> _What the exercise asks_:
Search the listing below for the string "exact" and show each line that contains it.

########################################

(* Let $\mathcal S$ be a Garside family in a left-cancellative category $\mathcal C$, and let $\mathcal S'$ be a subfamily of $\mathcal S^\sharp$ such that $\mathcal S'(\mathcal S'\cap\mathcal C^\times)\subseteq\mathcal S'$ and every element of $\mathcal S'^{\,2}$ admits an $\mathcal S$-normal decomposition all of whose entries lie in $\mathcal S'$. Then every element of the subcategory of $\mathcal C$ generated by $\mathcal S'$ admits an $\mathcal S$-normal decomposition all of whose entries lie in $\mathcal S'$.
   Context: A category is left-cancellative if $fg=fg'\Rightarrow g=g'$. $\mathcal C^\times$ is the family of invertible elements; $\mathcal S^\sharp=\mathcal S\mathcal C^\times\cup\mathcal C^\times$; $\mathcal S'^{\,2}$ is the family of products $s_1s_2$ with $s_1,s_2\in\mathcal S'$, and $\mathcal S'(\mathcal S'\cap\mathcal C^\times)$ the family of products $s\epsilon$ with $s\in\mathcal S'$, $\epsilon\in\mathcal S'\cap\mathcal C^\times$. $f\preccurlyeq g$ means $g=fg'$ for some $g'$. A length-two path $(g_1,g_2)$ is $\mathcal S$-greedy if for all $s\in\mathcal S$ and $f\in\mathcal C$ with $fg_1$ defined, $s\preccurlyeq fg_1g_2$ implies $s\preccurlyeq fg_1$; a path is $\mathcal S$-greedy if all its length-two subpaths are. A path is $\mathcal S$-normal if it is $\mathcal S$-greedy with all entries in $\mathcal S^\sharp$. An $\mathcal S$-normal decomposition of $g$ is an $\mathcal S$-normal path whose product is $g$. $\mathcal S$ is a Garside family in $\mathcal C$ if every element of $\mathcal C$ admits an $\mathcal S$-normal decomposition. *)

From Stdlib Require Import List.
Import ListNotations.
Set Implicit Arguments.

(* A category presented by its family of elements (morphisms) with source,
   target, identities and a composition [comp f g] written "fg" in the paper
   (f first, then g); [comp f g] is meaningful only when [tgt f = src g]. *)
Record Category := {
  Ob : Type;
  Mor : Type;
  src : Mor -> Ob;
  tgt : Mor -> Ob;
  idm : Ob -> Mor;
  comp : Mor -> Mor -> Mor;
  src_id : forall x, src (idm x) = x;
  tgt_id : forall x, tgt (idm x) = x;
  src_comp : forall f g, tgt f = src g -> src (comp f g) = src f;
  tgt_comp : forall f g, tgt f = src g -> tgt (comp f g) = tgt g;
  id_l : forall f, comp (idm (src f)) f = f;
  id_r : forall f, comp f (idm (tgt f)) = f;
  assoc : forall f g h, tgt f = src g -> tgt g = src h ->
            comp (comp f g) h = comp f (comp g h)
}.

Arguments src {c} _.
Arguments tgt {c} _.
Arguments idm {c} _.
Arguments comp {c} _ _.

Section Defs.
Variable C : Category.

Definition left_cancellative : Prop :=
  forall f g g' : Mor C, tgt f = src g -> tgt f = src g' ->
    comp f g = comp f g' -> g = g'.

Definition invertible (f : Mor C) : Prop :=
  exists g, tgt f = src g /\ tgt g = src f /\
    comp f g = idm (src f) /\ comp g f = idm (tgt f).

Definition sharp (S : Mor C -> Prop) (g : Mor C) : Prop :=
  (exists s e, S s /\ invertible e /\ tgt s = src e /\ g = comp s e)
  \/ invertible g.

Definition prefix (f g : Mor C) : Prop :=
  exists g', tgt f = src g' /\ g = comp f g'.

Definition greedy2 (S : Mor C -> Prop) (g1 g2 : Mor C) : Prop :=
  forall s f, S s -> tgt f = src g1 ->
    prefix s (comp (comp f g1) g2) -> prefix s (comp f g1).

Fixpoint is_path (x : Ob C) (l : list (Mor C)) : Prop :=
  match l with
  | [] => True
  | a :: l' => src a = x /\ is_path (tgt a) l'
  end.

Fixpoint prod (x : Ob C) (l : list (Mor C)) : Mor C :=
  match l with
  | [] => idm x
  | a :: l' => comp a (prod (tgt a) l')
  end.

Fixpoint greedy (S : Mor C -> Prop) (l : list (Mor C)) : Prop :=
  match l with
  | a :: ((b :: _) as l') => greedy2 S a b /\ greedy S l'
  | _ => True
  end.

Definition normal (S : Mor C -> Prop) (l : list (Mor C)) : Prop :=
  greedy S l /\ Forall (sharp S) l.

Definition normal_decomp (S : Mor C -> Prop) (g : Mor C) (l : list (Mor C)) : Prop :=
  is_path (src g) l /\ prod (src g) l = g /\ normal S l.

Definition Garside_family (S : Mor C -> Prop) : Prop :=
  forall g : Mor C, exists l, normal_decomp S g l.

Inductive generated (S' : Mor C -> Prop) : Mor C -> Prop :=
| gen_id : forall x, generated S' (idm x)
| gen_in : forall s, S' s -> generated S' s
| gen_comp : forall f g, tgt f = src g -> generated S' f -> generated S' g ->
    generated S' (comp f g).

End Defs.

(* Everything reduces to multiplying an S'-normal path t1 t2 ... on the left
   by one element s of S'.  Take an S-normal decomposition u1 u2 ... of s t1
   with entries in S'.  As s and t1 lie in S^#, greediness gives s <= u1, say
   u1 = s z, and then t1 <= z u2; so the entries after u2 are invertible and,
   by the closure of S' under right multiplication by S' ∩ C^x, can be absorbed
   into u2.  The resulting element of S' is pushed along t2 t3 ... by
   induction, and greediness at the junction with u1 follows from that of the
   two given paths.  Concatenation, hence the generated subcategory, follows by
   induction on the left factor. *)
From Stdlib Require Import List.
Import ListNotations.

Ltac solve_ends :=
  solve [ repeat (first [ rewrite src_comp by solve_ends
                        | rewrite tgt_comp by solve_ends
                        | rewrite src_id | rewrite tgt_id ]); congruence ].

Section Paths.
Variable C : Category.

Lemma idm_comp x (f : Mor C) : src f = x -> comp (idm x) f = f.
Proof. intros <-; apply id_l. Qed.

Lemma comp_idm x (f : Mor C) : tgt f = x -> comp f (idm x) = f.
Proof. intros <-; apply id_r. Qed.

Lemma src_prod x l : is_path C x l -> src (prod C x l) = x.
Proof.
  revert x; induction l as [|a l IH]; intros x Hp; simpl in *.
  - apply src_id.
  - destruct Hp as [Ha Hl]. rewrite src_comp; auto. rewrite IH; auto.
Qed.

Lemma prefix_comp_r s a b :
  prefix C s a -> tgt a = src b -> prefix C s (comp a b).
Proof.
  intros [c [Hc ->]] Hab. rewrite tgt_comp in Hab by assumption.
  exists (comp c b). split; [solve_ends | apply assoc; auto].
Qed.

Lemma prefix_comp_l a b g :
  tgt a = src b -> prefix C (comp a b) g -> prefix C a g.
Proof.
  intros Hab [c [Hc ->]]. rewrite tgt_comp in Hc by assumption.
  exists (comp b c). split; [solve_ends | apply assoc; auto].
Qed.

Lemma prefix_comp_invertible s e g :
  invertible C e -> tgt s = src e -> prefix C s g -> prefix C (comp s e) g.
Proof.
  intros [e' [He1 [He2 [He3 He4]]]] Hse [c [Hc ->]].
  exists (comp e' c). split; [solve_ends |].
  rewrite assoc, <- (assoc C e e' c), He3, idm_comp by solve_ends.
  reflexivity.
Qed.

Lemma invertible_prefix e g : invertible C e -> src e = src g -> prefix C e g.
Proof.
  intros [e' [He1 [He2 [He3 He4]]]] Heg.
  exists (comp e' g). split; [solve_ends |].
  rewrite <- assoc, He3, idm_comp by solve_ends. reflexivity.
Qed.

Lemma greedy_tail S a l : greedy C S (a :: l) -> greedy C S l.
Proof. destruct l; simpl; tauto. Qed.

Lemma greedy_prefix_head S u l :
  greedy C S (u :: l) -> is_path C (tgt u) l ->
  forall s f, S s -> tgt f = src u ->
  prefix C s (comp f (comp u (prod C (tgt u) l))) -> prefix C s (comp f u).
Proof.
  revert u; induction l as [|v l IH]; intros u Hg Hp s f Hs Hf Hpre; simpl in *.
  - rewrite id_r in Hpre. exact Hpre.
  - destruct Hg as [Huv Hg], Hp as [Hv Hp].
    pose proof (src_prod _ _ Hp).
    apply Huv; auto.
    apply (IH v Hg Hp s (comp f u) Hs); [solve_ends |].
    rewrite assoc by solve_ends. exact Hpre.
Qed.

Lemma sharp_prefix_greedy_head S g f u U :
  sharp C S g -> greedy C S (u :: U) -> is_path C (tgt u) U -> tgt f = src u ->
  prefix C g (comp f (comp u (prod C (tgt u) U))) -> prefix C g (comp f u).
Proof.
  intros [[s [e [Hs [He [Hse ->]]]]] | Hg] Hgr Hp Hf Hpre.
  - apply prefix_comp_invertible; auto.
    apply (greedy_prefix_head S u U Hgr Hp s f Hs Hf).
    exact (prefix_comp_l _ _ _ Hse Hpre).
  - apply invertible_prefix; auto.
    destruct Hpre as [c [Hc Hgc]].
    pose proof (src_prod _ _ Hp).
    rewrite <- (src_comp C g c Hc), <- Hgc. solve_ends.
Qed.

Lemma tgt_prod_factor u R s t :
  is_path C (tgt u) R -> tgt s = src t ->
  comp u (prod C (tgt u) R) = comp s t -> tgt (prod C (tgt u) R) = tgt t.
Proof.
  intros HpR Hst E. pose proof (src_prod _ _ HpR).
  rewrite <- (tgt_comp C u (prod C (tgt u) R)), E by auto. solve_ends.
Qed.

Lemma greedy2_cons_factor S s t l u R v V :
  greedy C S (u :: R) -> is_path C (tgt u) R ->
  greedy C S (t :: l) -> is_path C (tgt t) l ->
  tgt s = src t -> comp u (prod C (tgt u) R) = comp s t ->
  is_path C (tgt u) (v :: V) ->
  prod C (tgt u) (v :: V) = comp (prod C (tgt u) R) (prod C (tgt t) l) ->
  greedy2 C S u v.
Proof.
  intros HgU HpR Hgt Hpl Hst E [Hv HpV] EV sg f HS Hf Hpre; simpl in EV.
  pose proof (tgt_prod_factor u R s t HpR Hst E) as HMt.
  set (M := prod C (tgt u) R) in *.
  set (P := prod C (tgt t) l) in *.
  set (Q := prod C (tgt v) V) in *.
  assert (HM : src M = tgt u) by (apply src_prod; auto).
  assert (HP : src P = tgt t) by (apply src_prod; auto).
  assert (HQ : src Q = tgt v) by (apply src_prod; auto).
  assert (Hus : src u = src s).
  { rewrite <- (src_comp C u M), E by congruence. solve_ends. }
  apply (greedy_prefix_head S u R HgU HpR sg f HS Hf). fold M. rewrite E.
  rewrite <- assoc by solve_ends.
  apply (greedy_prefix_head S t l Hgt Hpl sg (comp f s) HS); [solve_ends |]. fold P.
  assert (Eprod : comp (comp (comp f u) v) Q = comp (comp f s) (comp t P)).
  { rewrite (assoc C (comp f u) v Q), EV by solve_ends.
    rewrite (assoc C f u (comp M P)), <- (assoc C u M P), E by solve_ends.
    rewrite (assoc C s t P), <- (assoc C f s (comp t P)) by solve_ends.
    reflexivity. }
  rewrite <- Eprod. apply prefix_comp_r; [exact Hpre | solve_ends].
Qed.

Section LeftCancellative.
Hypothesis LC : left_cancellative C.

Lemma right_inverse_invertible a b :
  tgt a = src b -> comp a b = idm (src a) -> invertible C a /\ invertible C b.
Proof.
  intros Hab E.
  assert (Hba : tgt b = src a).
  { rewrite <- (tgt_comp C a b Hab), E. apply tgt_id. }
  assert (E' : comp b a = idm (tgt a)).
  { apply (LC a); [solve_ends | symmetry; apply src_id |].
    rewrite <- assoc, E, id_l, id_r by auto. reflexivity. }
  split.
  - exists b. repeat split; auto.
  - exists a. repeat split; auto.
    + rewrite E', Hab. reflexivity.
    + rewrite E, Hba. reflexivity.
Qed.

Lemma invertible_comp_factors a b :
  tgt a = src b -> invertible C (comp a b) -> invertible C a /\ invertible C b.
Proof.
  intros Hab [c [H1 [H2 [H3 H4]]]].
  rewrite tgt_comp in H1 by auto. rewrite src_comp in H2, H3 by auto.
  rewrite tgt_comp in H4 by auto.
  split.
  - apply (right_inverse_invertible a (comp b c)); [solve_ends |].
    rewrite <- assoc by auto. exact H3.
  - apply (right_inverse_invertible b (comp c a)); [solve_ends |].
    apply (LC a); [solve_ends | solve_ends |].
    rewrite <- (assoc C a b (comp c a)), <- (assoc C (comp a b) c a), H3
      by solve_ends.
    rewrite id_l, <- Hab, id_r. reflexivity.
Qed.

Lemma prod_invertible_entries x l :
  is_path C x l -> invertible C (prod C x l) -> Forall (invertible C) l.
Proof.
  revert x; induction l as [|a l IH]; intros x Hp Hi; simpl in *; constructor;
    destruct Hp as [Ha Hl].
  - apply (invertible_comp_factors a (prod C (tgt a) l)); auto.
    rewrite src_prod; auto.
  - apply (IH (tgt a)); auto.
    apply (invertible_comp_factors a (prod C (tgt a) l)); auto.
    rewrite src_prod; auto.
Qed.

Lemma sharp_factor_greedy S g h f u U :
  sharp C S g -> greedy C S (u :: U) -> is_path C (tgt u) U ->
  tgt f = src u -> tgt g = src h ->
  comp f (comp u (prod C (tgt u) U)) = comp g h ->
  exists z, tgt g = src z /\ tgt z = tgt u /\ comp f u = comp g z /\
            h = comp z (prod C (tgt u) U).
Proof.
  intros Hg Hgr Hp Hf Hgh E.
  pose proof (src_prod _ _ Hp) as HP.
  destruct (sharp_prefix_greedy_head S g f u U Hg Hgr Hp Hf) as [z [Hz Efu]].
  { rewrite E. exists h. auto. }
  assert (Hzu : tgt z = tgt u).
  { rewrite <- (tgt_comp C g z Hz), <- Efu. solve_ends. }
  exists z. repeat split; auto.
  apply (LC g); [auto | solve_ends |].
  rewrite <- E, <- (assoc C f u) by solve_ends. rewrite Efu.
  apply assoc; solve_ends.
Qed.

Lemma sharp2_greedy_tail_invertible S s t u1 u2 R :
  sharp C S s -> sharp C S t -> tgt s = src t ->
  greedy C S (u1 :: u2 :: R) -> is_path C (src s) (u1 :: u2 :: R) ->
  prod C (src s) (u1 :: u2 :: R) = comp s t ->
  invertible C (prod C (tgt u2) R).
Proof.
  intros Hs Ht Hst Hgr [Hu1 [Hu2 HR]] E; simpl in E.
  pose proof (src_prod _ _ HR) as HZ.
  destruct (sharp_factor_greedy S s t (idm (src s)) u1 (u2 :: R) Hs Hgr)
    as [z [_ [Hzu [_ Et]]]]; simpl; auto.
  { solve_ends. }
  { rewrite idm_comp; [exact E | solve_ends]. }
  destruct (sharp_factor_greedy S t (idm (tgt t)) z u2 R Ht (greedy_tail _ _ _ Hgr) HR)
    as [z' [Hz' [Hz'u [_ E1]]]].
  { congruence. }
  { symmetry; apply src_id. }
  { rewrite comp_idm; auto. }
  apply (right_inverse_invertible z' (prod C (tgt u2) R)); [congruence |].
  rewrite <- Hz'. symmetry. exact E1.
Qed.

End LeftCancellative.
End Paths.

Section GeneratedSubcategory.
Variable C : Category.
Variables S S' : Mor C -> Prop.
Hypothesis LC : left_cancellative C.
Hypothesis S'_sharp : forall s, S' s -> sharp C S s.
Hypothesis S'_comp_invertible :
  forall s e, S' s -> S' e -> invertible C e -> tgt s = src e -> S' (comp s e).
Hypothesis S'_square_normal : forall s1 s2, S' s1 -> S' s2 -> tgt s1 = src s2 ->
  exists l, normal_decomp C S (comp s1 s2) l /\ Forall S' l.

Definition greedy_decomp_in (x : Ob C) (g : Mor C) (l : list (Mor C)) : Prop :=
  is_path C x l /\ prod C x l = g /\ greedy C S l /\ Forall S' l.

Lemma greedy_decomp_src {x g l} : greedy_decomp_in x g l -> src g = x.
Proof. intros [Hp [<- _]]. apply src_prod; auto. Qed.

########################################

> _Answer to this problem_:
  - rewrite id_r in Hpre. exact Hpre.
    rewrite assoc by solve_ends. exact Hpre.
    exact (prefix_comp_l _ _ _ Hse Hpre).
  rewrite <- Eprod. apply prefix_comp_r; [exact Hpre | solve_ends].
    rewrite <- assoc by auto. exact H3.
  { rewrite idm_comp; [exact E | solve_ends]. }
  rewrite <- Hz'. symmetry. exact E1.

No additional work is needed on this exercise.